=== INPUT FOR THIS TASK ===

(* Every interpolation condition is met: the value f^(order n)(node n) is a
   nonzero point of A. Repeated conditions reduce to their first occurrence. *)
Lemma series_values n :
  A (series_fun e c (order n) (node e n)) /\ series_fun e c (order n) (node e n) <> C0.
Proof.
  induction n as [n IH] using (well_founded_induction Wf_nat.lt_wf).
  destruct (classic (repeated e n)) as [[m [Hm [Ho Hp]]]|Hnew].
  - rewrite <- Ho, <- Hp. apply IH, Hm.
  - rewrite (series_fun_at_node e c coef_small coef_repeated n Hnew).
    apply (coef_admissible A e A_dense n), Hnew.
Qed.

End MainConstruction.

Theorem corollary2 (A : CC -> Prop) :
  countable_set A -> dense_set A ->
  exists f : CC -> CC, transcendental_entire f /\
    exists F : nat -> (CC -> CC),
      F O = f /\
      (forall s : nat, is_complex_derivative (F s) (F (S s))) /\
      (forall (s : nat) (a : CC), A a -> A (F s a)).
Proof.
  intros [e He] Hd.
  set (F := series_fun e (coef A e Hd)).
  assert (Hder : forall s, is_complex_derivative (F s) (F (S s)))
    by (intro s; apply series_fun_deriv, coef_small).
  (* The condition with index pair_index s k concerns f^(s) at e k. *)
  assert (Hval : forall s k, A (F s (e k)) /\ F s (e k) <> C0).
  { intros s k. pose proof (series_values A e Hd (pair_index s k)) as V.
    unfold order, node in V. rewrite pair_decode_index in V. exact V. }
  exists (F O). split; [split|].
  - exists (F 1%nat). apply Hder.
  - apply derivative_chain_not_polynomial; auto.
    intro n. exists (e O). apply Hval.
  - exists F. split; [reflexivity | split; auto].
    intros s a Ha. destruct (proj1 (He a) Ha) as [k <-]. apply Hval.
Qed.
(* A real field has characteristic 0: (n+1) * 1 = 0 would write -1 as a
   sum of n squares of 1. *)
Lemma real_natr_neq0 n : n.+1%:R != 0 :> K.
Proof.
apply/eqP => n1_0; apply: (hK (s := nseq n 1)).
rewrite big_nseq expr1n iter_addr addr0; apply/eqP; rewrite -addr_eq0.
by rewrite -{2}(mulr1n (1 : K)) -mulrnDr addn1 n1_0.
Qed.

Lemma real_natr_inj : injective (fun n : nat => n%:R : K).
Proof.
move=> m n; wlog lemn : m n / (m <= n)%N => [wlogH|mn].
  by case: (leqP m n) => [|/ltnW] h e; [exact: wlogH | symmetry; apply: wlogH].
apply/eqP; rewrite eqn_leq lemn /=; apply: contraT; rewrite -ltnNge => ltnm.
have := real_natr_neq0 (n - m).-1.
by rewrite prednK ?subn_gt0 // natrB ?mn ?subrr ?eqxx.
Qed.

Lemma not_finval_id : ~ finval (fun t : K => t).
Proof.
case=> L HL.
have U : uniq [seq (i%:R : K) | i <- iota 0 (size L).+1].
  by rewrite map_inj_uniq ?iota_uniq //; exact: real_natr_inj.
by have := uniq_leq_size U (fun x _ => HL x); rewrite size_map size_iota ltnn.
Qed.

(* R with the identity embedding is a rational extension of A which A
   does not exhaust. *)
Lemma not_rationally_complete_finval : ~ rationally_complete (@finval K).
Proof.
move=> complete.
have R_rat : rational_ext_of (@finval K) (id : RK K -> RK K).
  split; first by do !split.
  move=> r s /eqP s_nz; have [a [Ha [Hra nz]]] := rational_in_R_finval r s_nz.
  by exists a; split => //; split; [exists (fmul r a) | apply/eqP].
have [a [Ha Ea]] := complete _ _ R_rat (fun t : K => t).
by apply: not_finval_id; rewrite -Ea.
Qed.

End RealField.

Theorem mainTheorem10 (K : fieldType) (hK : real_field K) :
  subring (@Aset K) /\ vN_regular (@Aset K) /\ baer (@Aset K) /\
  (exists r : RK K, ~ Aset r) /\
  R_is_Q (@Aset K) /\
  ~ rationally_complete (@Aset K).
Proof.
rewrite AsetE.
split; first exact: subring_finval.
split; first exact: vN_regular_finval.
split; first exact: baer_finval.
split; first by exists (fun t => t); exact: not_finval_id.
split; first exact: R_is_Q_finval.
exact: not_rationally_complete_finval.
Qed.
(* Let $A:\mathbb{R}^n\rightrightarrows\mathbb{R}^n$ be a maximally monotone operator, let $x^*$ satisfy $0\in A(x^* )$, and let $\tilde A=I-J_A$ where $J_A=(I+A)^{-1}$. Assume $\tilde A$ is differentiable. Let $X:[0,\infty)\to\mathbb{R}^n$ be a solution of $$\dot X(t)=J_A(X(t))-X(t)=-\tilde A(X(t)),\qquad X(0)=x_0.$$ Then for every $t>0$, $$\|\dot X(t)\|^2=\|\tilde A(X(t))\|^2\leqslant\frac{\|x_0-x^*\|^2}{2t}.$$
   Context: $J_A=(I+A)^{-1}$ is the resolvent of $A$ (single-valued and defined on all of $\mathbb{R}^n$ since $A$ is maximally monotone); $\tilde A=I-J_A$ is the Yosida approximation of $A$. $\|\cdot\|$ is the Euclidean norm. *)

From HB Require Import structures.
From mathcomp Require Import all_boot all_order all_algebra.
From mathcomp Require Import all_classical all_reals all_analysis.
Set Implicit Arguments. Unset Strict Implicit. Unset Printing Implicit Defensive.
Import Order.TTheory GRing.Theory Num.Theory.
Import numFieldNormedType.Exports.
Local Open Scope classical_set_scope.
Local Open Scope ring_scope.

Definition dotv {R : realType} {n : nat} (u v : 'rV[R]_n) : R :=
  \sum_(i < n) u 0 i * v 0 i.
Definition enorm {R : realType} {n : nat} (u : 'rV[R]_n) : R :=
  Num.sqrt (dotv u u).

Definition monotone_op {R : realType} {n : nat} (A : 'rV[R]_n -> set 'rV[R]_n) :=
  forall x y u v, A x u -> A y v -> 0 <= dotv (u - v) (x - y).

=== YOUR INSTRUCTIONS ===
Exactly as they appear above, copy out all the records.

=== REPLY ===
(* Every interpolation condition is met: the value f^(order n)(node n) is a
   nonzero point of A. Repeated conditions reduce to their first occurrence. *)
Lemma series_values n :
  A (series_fun e c (order n) (node e n)) /\ series_fun e c (order n) (node e n) <> C0.
Proof.
  induction n as [n IH] using (well_founded_induction Wf_nat.lt_wf).
  destruct (classic (repeated e n)) as [[m [Hm [Ho Hp]]]|Hnew].
  - rewrite <- Ho, <- Hp. apply IH, Hm.
  - rewrite (series_fun_at_node e c coef_small coef_repeated n Hnew).
    apply (coef_admissible A e A_dense n), Hnew.
Qed.

End MainConstruction.

Theorem corollary2 (A : CC -> Prop) :
  countable_set A -> dense_set A ->
  exists f : CC -> CC, transcendental_entire f /\
    exists F : nat -> (CC -> CC),
      F O = f /\
      (forall s : nat, is_complex_derivative (F s) (F (S s))) /\
      (forall (s : nat) (a : CC), A a -> A (F s a)).
Proof.
  intros [e He] Hd.
  set (F := series_fun e (coef A e Hd)).
  assert (Hder : forall s, is_complex_derivative (F s) (F (S s)))
    by (intro s; apply series_fun_deriv, coef_small).
  (* The condition with index pair_index s k concerns f^(s) at e k. *)
  assert (Hval : forall s k, A (F s (e k)) /\ F s (e k) <> C0).
  { intros s k. pose proof (series_values A e Hd (pair_index s k)) as V.
    unfold order, node in V. rewrite pair_decode_index in V. exact V. }
  exists (F O). split; [split|].
  - exists (F 1%nat). apply Hder.
  - apply derivative_chain_not_polynomial; auto.
    intro n. exists (e O). apply Hval.
  - exists F. split; [reflexivity | split; auto].
    intros s a Ha. destruct (proj1 (He a) Ha) as [k <-]. apply Hval.
Qed.
(* A real field has characteristic 0: (n+1) * 1 = 0 would write -1 as a
   sum of n squares of 1. *)
Lemma real_natr_neq0 n : n.+1%:R != 0 :> K.
Proof.
apply/eqP => n1_0; apply: (hK (s := nseq n 1)).
rewrite big_nseq expr1n iter_addr addr0; apply/eqP; rewrite -addr_eq0.
by rewrite -{2}(mulr1n (1 : K)) -mulrnDr addn1 n1_0.
Qed.

Lemma real_natr_inj : injective (fun n : nat => n%:R : K).
Proof.
move=> m n; wlog lemn : m n / (m <= n)%N => [wlogH|mn].
  by case: (leqP m n) => [|/ltnW] h e; [exact: wlogH | symmetry; apply: wlogH].
apply/eqP; rewrite eqn_leq lemn /=; apply: contraT; rewrite -ltnNge => ltnm.
have := real_natr_neq0 (n - m).-1.
by rewrite prednK ?subn_gt0 // natrB ?mn ?subrr ?eqxx.
Qed.

Lemma not_finval_id : ~ finval (fun t : K => t).
Proof.
case=> L HL.
have U : uniq [seq (i%:R : K) | i <- iota 0 (size L).+1].
  by rewrite map_inj_uniq ?iota_uniq //; exact: real_natr_inj.
by have := uniq_leq_size U (fun x _ => HL x); rewrite size_map size_iota ltnn.
Qed.

(* R with the identity embedding is a rational extension of A which A
   does not exhaust. *)
Lemma not_rationally_complete_finval : ~ rationally_complete (@finval K).
Proof.
move=> complete.
have R_rat : rational_ext_of (@finval K) (id : RK K -> RK K).
  split; first by do !split.
  move=> r s /eqP s_nz; have [a [Ha [Hra nz]]] := rational_in_R_finval r s_nz.
  by exists a; split => //; split; [exists (fmul r a) | apply/eqP].
have [a [Ha Ea]] := complete _ _ R_rat (fun t : K => t).
by apply: not_finval_id; rewrite -Ea.
Qed.

End RealField.

Theorem mainTheorem10 (K : fieldType) (hK : real_field K) :
  subring (@Aset K) /\ vN_regular (@Aset K) /\ baer (@Aset K) /\
  (exists r : RK K, ~ Aset r) /\
  R_is_Q (@Aset K) /\
  ~ rationally_complete (@Aset K).
Proof.
rewrite AsetE.
split; first exact: subring_finval.
split; first exact: vN_regular_finval.
split; first exact: baer_finval.
split; first by exists (fun t => t); exact: not_finval_id.
split; first exact: R_is_Q_finval.
exact: not_rationally_complete_finval.
Qed.
(* Let $A:\mathbb{R}^n\rightrightarrows\mathbb{R}^n$ be a maximally monotone operator, let $x^*$ satisfy $0\in A(x^* )$, and let $\tilde A=I-J_A$ where $J_A=(I+A)^{-1}$. Assume $\tilde A$ is differentiable. Let $X:[0,\infty)\to\mathbb{R}^n$ be a solution of $$\dot X(t)=J_A(X(t))-X(t)=-\tilde A(X(t)),\qquad X(0)=x_0.$$ Then for every $t>0$, $$\|\dot X(t)\|^2=\|\tilde A(X(t))\|^2\leqslant\frac{\|x_0-x^*\|^2}{2t}.$$
   Context: $J_A=(I+A)^{-1}$ is the resolvent of $A$ (single-valued and defined on all of $\mathbb{R}^n$ since $A$ is maximally monotone); $\tilde A=I-J_A$ is the Yosida approximation of $A$. $\|\cdot\|$ is the Euclidean norm. *)

From HB Require Import structures.
From mathcomp Require Import all_boot all_order all_algebra.
From mathcomp Require Import all_classical all_reals all_analysis.
Set Implicit Arguments. Unset Strict Implicit. Unset Printing Implicit Defensive.
Import Order.TTheory GRing.Theory Num.Theory.
Import numFieldNormedType.Exports.
Local Open Scope classical_set_scope.
Local Open Scope ring_scope.

Definition dotv {R : realType} {n : nat} (u v : 'rV[R]_n) : R :=
  \sum_(i < n) u 0 i * v 0 i.
Definition enorm {R : realType} {n : nat} (u : 'rV[R]_n) : R :=
  Num.sqrt (dotv u u).

Definition monotone_op {R : realType} {n : nat} (A : 'rV[R]_n -> set 'rV[R]_n) :=
  forall x y u v, A x u -> A y v -> 0 <= dotv (u - v) (x - y).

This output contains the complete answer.